> _EXERCISE GOAL_
The entries below hold a line with "Lemma probID (C" and a line with "Lemma cprobC (A". Return those lines and all that lie between them, exactly and only.

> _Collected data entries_

(* Let $(Y^*,Y,X,W)$ be random variables with $Y^*,Y\in\{0,1\}$, $X=(\tilde X,Z)$ with $\tilde X\in\tilde{\mathcal X}$, $Z$ taking values in a finite set $\mathcal Z$, and $W$ taking values in a finite set of reals $\mathcal W$ with maximum element $w_m$. Let $p^*(x)=\Pr(Y^*=1\mid X=x)$, write $p^*(\tilde x,z)=p^*(x)$ for $x=(\tilde x,z)$, and $p_W(\tilde x,z,w)=\Pr(Y=1\mid \tilde X=\tilde x,Z=z,W=w)$. Assume: (1) (Exclusion) for all $x=(\tilde x,z)$, $w\in\mathcal W$, $y\in\{0,1\}$: $\Pr(Y^*=1\mid x,w)=p^*(x)$ and $\Pr(Y=1-y\mid Y^*=y,x,w)=\Pr(Y=1-y\mid Y^*=y,\tilde x,w)$; (2) (Degree of misreporting) for all $\tilde x,w$: $\Pr(Y=0\mid Y^*=1,\tilde x,w)+\Pr(Y=1\mid Y^*=0,\tilde x,w)\le1$; (3) (Monotonicity and relevance) for all $\tilde x$, $w_1>w_2$ in $\mathcal W$ and $y\in\{0,1\}$: $\Pr(Y=1-y\mid Y^*=y,\tilde x,w_1)\le\Pr(Y=1-y\mid Y^*=y,\tilde x,w_2)$, and there exists $y\in\{0,1\}$ for which this inequality is strict; (4) (Relevance) for every $\tilde x$ there exist $z_1\neq z_2$ in $\mathcal Z$ with $p^*(\tilde x,z_1)\ne p^*(\tilde x,z_2)$. For $\tilde x$ fixed, with $z_1,z_2$ as in (4), define for $w\in\mathcal W$ $$q_1(\tilde x,w_m,w)=\frac{p_W(\tilde x,z_1,w_m)-p_W(\tilde x,z_2,w_m)}{p_W(\tilde x,z_1,w)-p_W(\tilde x,z_2,w)},\qquad R(\tilde x,w)=\frac{q_1(\tilde x,w_m,w)p_W(\tilde x,z_1,w)-p_W(\tilde x,z_1,w_m)}{q_1(\tilde x,w_m,w)-1},$$ and $$U_{\alpha_1}(\tilde x,w_m)=1-\sup_{z\in\mathcal Z,\ w<w_m}\{R(\tilde x,w),\ p_W(\tilde x,z,w_m)\},\qquad U_{\alpha_0}(\tilde x,w_m)=\inf_{z\in\mathcal Z,\ w<w_m}\{R(\tilde x,w),\ p_W(\tilde x,z,w_m)\}.$$ Then for every $\tilde x\in\tilde{\mathcal X}$ and $y\in\{0,1\}$, $\Pr(Y=1-y\mid Y^*=y,\tilde x,w_m)\in[0,U_{\alpha_y}(\tilde x,w_m)]$.
   Context: $Y^*$ is the true (unobserved) binary outcome and $Y$ the observed, possibly misreported outcome; $Z$ is an instrument for the true outcome and $W$ an instrument for the misreporting probabilities. Conditioning on $\tilde x,w$ means conditioning on $\tilde X=\tilde x,W=w$. The sup/inf in $U_{\alpha_y}$ is over all values $R(\tilde x,w)$ with $w\in\mathcal W$, $w<w_m$, together with all values $p_W(\tilde x,z,w_m)$, $z\in\mathcal Z$. *)

From HB Require Import structures.
From mathcomp Require Import all_boot all_order all_algebra.
From mathcomp Require Import boolp classical_sets reals.
Set Implicit Arguments. Unset Strict Implicit. Unset Printing Implicit Defensive.
Import Order.TTheory GRing.Theory Num.Theory.
Local Open Scope ring_scope.
Local Open Scope classical_set_scope.

(* For every
   value xt, [P xt] is the conditional joint probability mass function of
   (Y*, Y, Z, W) given X~ = xt, over the finite space
   Obs = bool * bool * Z * W, with the coordinates (Y*, Y, Z, W).
   W is a finite type whose elements are labelled by distinct reals [wv]. *)

Section Model.
Variables (R : realType) (Xt : Type) (Z W : finType).
Variable P : Xt -> bool * bool * Z * W -> R.

Definition obs := (bool * bool * Z * W)%type.
Definition ystar (e : obs) : bool := e.1.1.1.
Definition yobs (e : obs) : bool := e.1.1.2.
Definition zof (e : obs) : Z := e.1.2.
Definition wof (e : obs) : W := e.2.

Definition prob (xt : Xt) (A : pred obs) : R := \sum_(e : obs | A e) P xt e.

(* Pr(A | B, X~ = xt)  (ratio definition; division by 0 gives 0) *)
Definition cprob (xt : Xt) (A B : pred obs) : R :=
  prob xt (predI A B) / prob xt B.

Definition pstar (xt : Xt) (z : Z) : R :=
  cprob xt (fun e => ystar e) (fun e => zof e == z).

Definition pstar_w (xt : Xt) (z : Z) (w : W) : R :=
  cprob xt (fun e => ystar e) (fun e => (zof e == z) && (wof e == w)).

Definition miscl_xzw (y : bool) (xt : Xt) (z : Z) (w : W) : R :=
  cprob xt (fun e => yobs e != y)
    (fun e => [&& ystar e == y, zof e == z & wof e == w]).

Definition alpha (y : bool) (xt : Xt) (w : W) : R :=
  cprob xt (fun e => yobs e != y) (fun e => (ystar e == y) && (wof e == w)).

Definition pW (xt : Xt) (z : Z) (w : W) : R :=
  cprob xt (fun e => yobs e) (fun e => (zof e == z) && (wof e == w)).

Definition q1 (z1 z2 : Z) (xt : Xt) (wm w : W) : R :=
  (pW xt z1 wm - pW xt z2 wm) / (pW xt z1 w - pW xt z2 w).

Definition Rfun (z1 z2 : Z) (xt : Xt) (wm w : W) : R :=
  (q1 z1 z2 xt wm w * pW xt z1 w - pW xt z1 wm) / (q1 z1 z2 xt wm w - 1).

Variable wv : W -> R.

Definition Uset (z1 z2 : Z) (xt : Xt) (wm : W) : set R :=
  [set r | (exists w : W, wv w < wv wm /\ r = Rfun z1 z2 xt wm w)
           \/ (exists z : Z, r = pW xt z wm)].

Definition U_alpha (y : bool) (z1 z2 : Z) (xt : Xt) (wm : W) : R :=
  if y then 1 - sup (Uset z1 z2 xt wm) else inf (Uset z1 z2 xt wm).

End Model.

(** Given [X~ = xt], [Z = z] and [W = w], the observed outcome is a mixture:
  by total probability and exclusion,
  [p_W(z, w) = p*(z) (1 - a1(w)) + (1 - p*(z)) a0(w)], where [a_y(w)] is the
  misreporting rate of [Y* = y].  When [a0 + a1 <= 1] such a mixture lies
  between [a0] and [1 - a1]; this bounds each [p_W(z, w_m)].  In [q1] the
  factor [p*(z1) - p*(z2)] cancels, and [R(w)] turns out to be a mixture at
  [w_m] again, with weight [d0 / (d0 + d1)] where [d_y = a_y(w) - a_y(w_m)];
  by monotonicity (3) this weight lies in [[0, 1]].  So every element of the
  set defining [U_alpha] lies in [[a0(w_m), 1 - a1(w_m)]]. *)

From HB Require Import structures.
From mathcomp Require Import all_boot all_order all_algebra.
From mathcomp Require Import boolp classical_sets reals.
From mathcomp Require Import ring lra.

Set Implicit Arguments. Unset Strict Implicit. Unset Printing Implicit Defensive.
Import Order.TTheory GRing.Theory Num.Theory.
Local Open Scope ring_scope.

Section Mixture.
Variable R : realFieldType.

Definition mixture (p a0 a1 : R) : R := p * (1 - a1) + (1 - p) * a0.

Lemma mixture_between (p a0 a1 : R) :
  0 <= p <= 1 -> a0 + a1 <= 1 -> a0 <= mixture p a0 a1 <= 1 - a1.
Proof.
by move=> /andP[p_ge0 p_le1] a_le1; apply/andP; split; rewrite /mixture; nra.
Qed.

Lemma mixtureBl (p1 p2 a0 a1 : R) :
  mixture p1 a0 a1 - mixture p2 a0 a1 = (p1 - p2) * (1 - a0 - a1).
Proof. by rewrite /mixture; ring. Qed.

(** [Rfun] after [pW_mixture]: [a] are the misreporting rates at [w], [b]
  those at [w_m]. *)
Definition mixture_ratio (p1 p2 a0 a1 b0 b1 : R) : R :=
  let q := (mixture p1 b0 b1 - mixture p2 b0 b1) /
           (mixture p1 a0 a1 - mixture p2 a0 a1) in
  (q * mixture p1 a0 a1 - mixture p1 b0 b1) / (q - 1).

(* The denominator of [q] vanishes, so [q = 0] by the convention [x / 0 = 0]. *)
Lemma mixture_ratio_degenerate (p1 p2 a0 a1 b0 b1 : R) :
  a0 + a1 = 1 -> mixture_ratio p1 p2 a0 a1 b0 b1 = mixture p1 b0 b1.
Proof.
move=> a_eq1; rewrite /mixture_ratio !mixtureBl.
have -> : 1 - a0 - a1 = 0 by rewrite -addrA -opprD a_eq1 subrr.
by rewrite mulr0 invr0 mulr0 mul0r sub0r add0r invrN1 mulrN1 opprK.
Qed.

Lemma mixture_ratio_mixture (p1 p2 a0 a1 b0 b1 : R) :
  p1 != p2 -> a0 + a1 != 1 -> (a0 - b0) + (a1 - b1) != 0 ->
  mixture_ratio p1 p2 a0 a1 b0 b1 =
  mixture ((a0 - b0) / ((a0 - b0) + (a1 - b1))) b0 b1.
Proof.
move=> p12 a_neq1 gap_neq0; rewrite /mixture_ratio !mixtureBl.
have p12' : p1 - p2 != 0 by rewrite subr_eq0.
have a_neq1' : 1 - a0 - a1 != 0 by rewrite -addrA -opprD subr_eq0 eq_sym.
by rewrite /mixture; field; rewrite gap_neq0 a_neq1' p12'.
Qed.

Lemma mixture_ratio_between (p1 p2 a0 a1 b0 b1 : R) :
  0 <= p1 <= 1 -> p1 != p2 -> b0 + b1 <= 1 ->
  b0 <= a0 -> b1 <= a1 -> (b0 < a0) || (b1 < a1) ->
  b0 <= mixture_ratio p1 p2 a0 a1 b0 b1 <= 1 - b1.
Proof.
move=> p1_01 p12 b_le1 b0_le b1_le b_lt.
have [a_eq1 | a_neq1] := eqVneq (a0 + a1) 1.
  by rewrite mixture_ratio_degenerate //; apply: mixture_between.
have gap_gt0 : 0 < (a0 - b0) + (a1 - b1).
  by case/orP: b_lt => b_lt; lra.
rewrite mixture_ratio_mixture ?(gt_eqF gap_gt0) //; apply: mixture_between => //.
apply/andP; split; first by apply: divr_ge0; lra.
by rewrite ler_pdivrMr // mul1r; lra.
Qed.

End Mixture.

Section Probability.
Variables (R : realType) (Xt : Type) (Z W : finType).
Variables (P : Xt -> bool * bool * Z * W -> R) (xt : Xt).
Hypothesis P_ge0 : forall e, 0 <= P xt e.

Lemma eq_prob (A B : pred (obs Z W)) : A =1 B -> prob P xt A = prob P xt B.
Proof. by move=> eqAB; apply: eq_bigl. Qed.

Lemma eq_cprob (A A' B B' : pred (obs Z W)) :
  A =1 A' -> B =1 B' -> cprob P xt A B = cprob P xt A' B'.
Proof.
move=> eqA eqB; rewrite /cprob (eq_prob eqB); congr (_ / _).
by apply: eq_prob => e /=; rewrite eqA eqB.
Qed.

Lemma prob_ge0 (A : pred (obs Z W)) : 0 <= prob P xt A.
Proof. exact: sumr_ge0. Qed.

Lemma probID (C B : pred (obs Z W)) :
  prob P xt B = prob P xt (predI C B) + prob P xt (predI (predC C) B).
Proof.
rewrite /prob (bigID C) /=; congr (_ + _); apply: eq_bigl => e.
  by rewrite andbC.
by rewrite andbC.
Qed.

Lemma cprob_ge0 (A B : pred (obs Z W)) : 0 <= cprob P xt A B.
Proof. by apply: divr_ge0; apply: prob_ge0. Qed.

Lemma cprob_le1 (A B : pred (obs Z W)) : cprob P xt A B <= 1.
Proof.
have [B0 | B_neq0] := eqVneq (prob P xt B) 0.
  by rewrite /cprob B0 invr0 mulr0.
have AB_le_B : prob P xt (predI A B) <= prob P xt B.
  by rewrite (probID A B) lerDl prob_ge0.
by rewrite /cprob ler_pdivrMr ?mul1r // lt_def B_neq0 prob_ge0.
Qed.

Lemma cprobC (A B : pred (obs Z W)) :
  0 < prob P xt B -> cprob P xt (predC A) B = 1 - cprob P xt A B.
Proof.
move=> B_gt0; rewrite /cprob.
have -> : prob P xt (predI (predC A) B) = prob P xt B - prob P xt (predI A B).
  by rewrite (probID A B) addrC addKr.
by rewrite mulrBl divff // lt0r_neq0.
Qed.

Lemma total_probability (A B C : pred (obs Z W)) :
  0 < prob P xt (predI C B) -> 0 < prob P xt (predI (predC C) B) ->
  cprob P xt A B = cprob P xt C B * cprob P xt A (predI C B)
                 + cprob P xt (predC C) B * cprob P xt A (predI (predC C) B).
Proof.
move=> CB_gt0 CcB_gt0.
have B_gt0 : 0 < prob P xt B by rewrite (probID C B) addr_gt0.
rewrite /cprob (probID C (predI A B)).
rewrite (@eq_prob (predI C (predI A B)) (predI A (predI C B))); last first.
  by move=> e /=; rewrite andbCA.
rewrite (@eq_prob (predI (predC C) (predI A B))
                  (predI A (predI (predC C) B))); last first.
  by move=> e /=; rewrite andbCA.
by field; rewrite !lt0r_neq0.
Qed.

Hypothesis cell_pos : forall (y : bool) (z : Z) (w : W),
  0 < prob P xt (fun e => [&& ystar e == y, zof e == z & wof e == w]).
Hypothesis exclusion_true :
  forall z w, pstar_w P xt z w = pstar P xt z.
Hypothesis exclusion_miscl :
  forall z w y, miscl_xzw P y xt z w = alpha P y xt w.

Lemma pW_mixture (z : Z) (w : W) :
  pW P xt z w = mixture (pstar P xt z) (alpha P false xt w) (alpha P true xt w).
Proof.
pose ZW := fun e : obs Z W => (zof e == z) && (wof e == w).
have cell_gt0 (C : pred (obs Z W)) y : C =1 (fun e => ystar e == y) ->
    0 < prob P xt (predI C ZW).
  move=> eqC; rewrite (@eq_prob _
    (fun e => [&& ystar e == y, zof e == z & wof e == w])) //.
  by move=> e /=; rewrite eqC.
have ZW1_gt0 := cell_gt0 (@ystar Z W) true (fun e => esym (eqb_id _)).
have ZW0_gt0 := cell_gt0 (predC (@ystar Z W)) false (fun e => esym (eqbF_neg _)).
have ZW_gt0 : 0 < prob P xt ZW by rewrite (probID (@ystar Z W) ZW) addr_gt0.
have pstarE : cprob P xt (@ystar Z W) ZW = pstar P xt z.
  by rewrite -(exclusion_true z w).
have alpha1E :
    cprob P xt (@yobs Z W) (predI (@ystar Z W) ZW) = 1 - alpha P true xt w.
  rewrite -(exclusion_miscl z w true) /miscl_xzw -cprobC //.
  by apply: eq_cprob => e /=; rewrite ?negbK ?eqb_id.
have alpha0E :
    cprob P xt (@yobs Z W) (predI (predC (@ystar Z W)) ZW) = alpha P false xt w.
  rewrite -(exclusion_miscl z w false).
  by apply: eq_cprob => e /=; rewrite eqbF_neg ?negbK.
rewrite /pW (total_probability _ ZW1_gt0 ZW0_gt0) cprobC //.
by rewrite pstarE alpha1E alpha0E.
Qed.

End Probability.

Theorem lemma1 (R : realType) (Xt : Type) (Z W : finType)
  (P : Xt -> bool * bool * Z * W -> R) (wv : W -> R) (wm : W)
  (* P xt is a probability mass function for each xt *)
  (P_ge0 : forall xt e, 0 <= P xt e)
  (P_sum1 : forall xt, \sum_(e : bool * bool * Z * W) P xt e = 1)
  (* all conditioning events have positive probability *)
  (P_pos : forall xt (y : bool) (z : Z) (w : W),
     0 < prob P xt (fun e => [&& ystar e == y, zof e == z & wof e == w]))
  (* W is a finite set of reals with maximum element wm *)
  (wv_inj : injective wv)
  (wm_max : forall w, wv w <= wv wm)
  (* (1) exclusion *)
  (H1a : forall xt z w, pstar_w P xt z w = pstar P xt z)
  (H1b : forall xt z w y, miscl_xzw P y xt z w = alpha P y xt w)
  (* (2) degree of misreporting *)
  (H2 : forall xt w, alpha P true xt w + alpha P false xt w <= 1)
  (* (3) monotonicity and relevance *)
  (H3a : forall xt (w1 w2 : W) (y : bool), wv w2 < wv w1 ->
     alpha P y xt w1 <= alpha P y xt w2)
  (H3b : forall xt (w1 w2 : W), wv w2 < wv w1 ->
     exists y : bool, alpha P y xt w1 < alpha P y xt w2)
  (* (4) relevance *)
  (H4 : forall xt, exists z1 z2 : Z, z1 != z2 /\ pstar P xt z1 != pstar P xt z2) :
  forall (xt : Xt) (z1 z2 : Z), z1 != z2 -> pstar P xt z1 != pstar P xt z2 ->
  forall y : bool,
    0 <= alpha P y xt wm <= U_alpha P wv y z1 z2 xt wm.
Proof.
move=> xt z1 z2 _ p12 y.
have pW_mix := pW_mixture (P_pos xt) (H1a xt) (H1b xt).
have pstar_01 z : 0 <= pstar P xt z <= 1.
  by rewrite (cprob_ge0 (P_ge0 xt)) (cprob_le1 (P_ge0 xt)).
have b_le1 : alpha P false xt wm + alpha P true xt wm <= 1 by rewrite addrC H2.
have Uset_between r : Uset P wv z1 z2 xt wm r ->
    alpha P false xt wm <= r <= 1 - alpha P true xt wm.
  case=> [[w [w_lt ->]] | [z ->]]; last by rewrite pW_mix mixture_between.
  rewrite /Rfun /q1 !pW_mix; apply: mixture_ratio_between => //; try exact: H3a.
  by have [[] a_lt] := H3b xt wm w w_lt; rewrite a_lt ?orbT.
have Uset_neq0 : (Uset P wv z1 z2 xt wm !=set0)%classic.
  by exists (pW P xt z1 wm); right; exists z1.
rewrite (cprob_ge0 (P_ge0 xt)) /=; case: y; rewrite /U_alpha.
  suff : sup (Uset P wv z1 z2 xt wm) <= 1 - alpha P true xt wm by lra.
  by apply: ge_sup => // r /Uset_between /andP[].
by apply: lb_le_inf => // r /Uset_between /andP[].
Qed.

> _EXERCISE RESULT_
Lemma probID (C B : pred (obs Z W)) :
  prob P xt B = prob P xt (predI C B) + prob P xt (predI (predC C) B).
Proof.
rewrite /prob (bigID C) /=; congr (_ + _); apply: eq_bigl => e.
  by rewrite andbC.
by rewrite andbC.
Qed.

Lemma cprob_ge0 (A B : pred (obs Z W)) : 0 <= cprob P xt A B.
Proof. by apply: divr_ge0; apply: prob_ge0. Qed.

Lemma cprob_le1 (A B : pred (obs Z W)) : cprob P xt A B <= 1.
Proof.
have [B0 | B_neq0] := eqVneq (prob P xt B) 0.
  by rewrite /cprob B0 invr0 mulr0.
have AB_le_B : prob P xt (predI A B) <= prob P xt B.
  by rewrite (probID A B) lerDl prob_ge0.
by rewrite /cprob ler_pdivrMr ?mul1r // lt_def B_neq0 prob_ge0.
Qed.

Lemma cprobC (A B : pred (obs Z W)) :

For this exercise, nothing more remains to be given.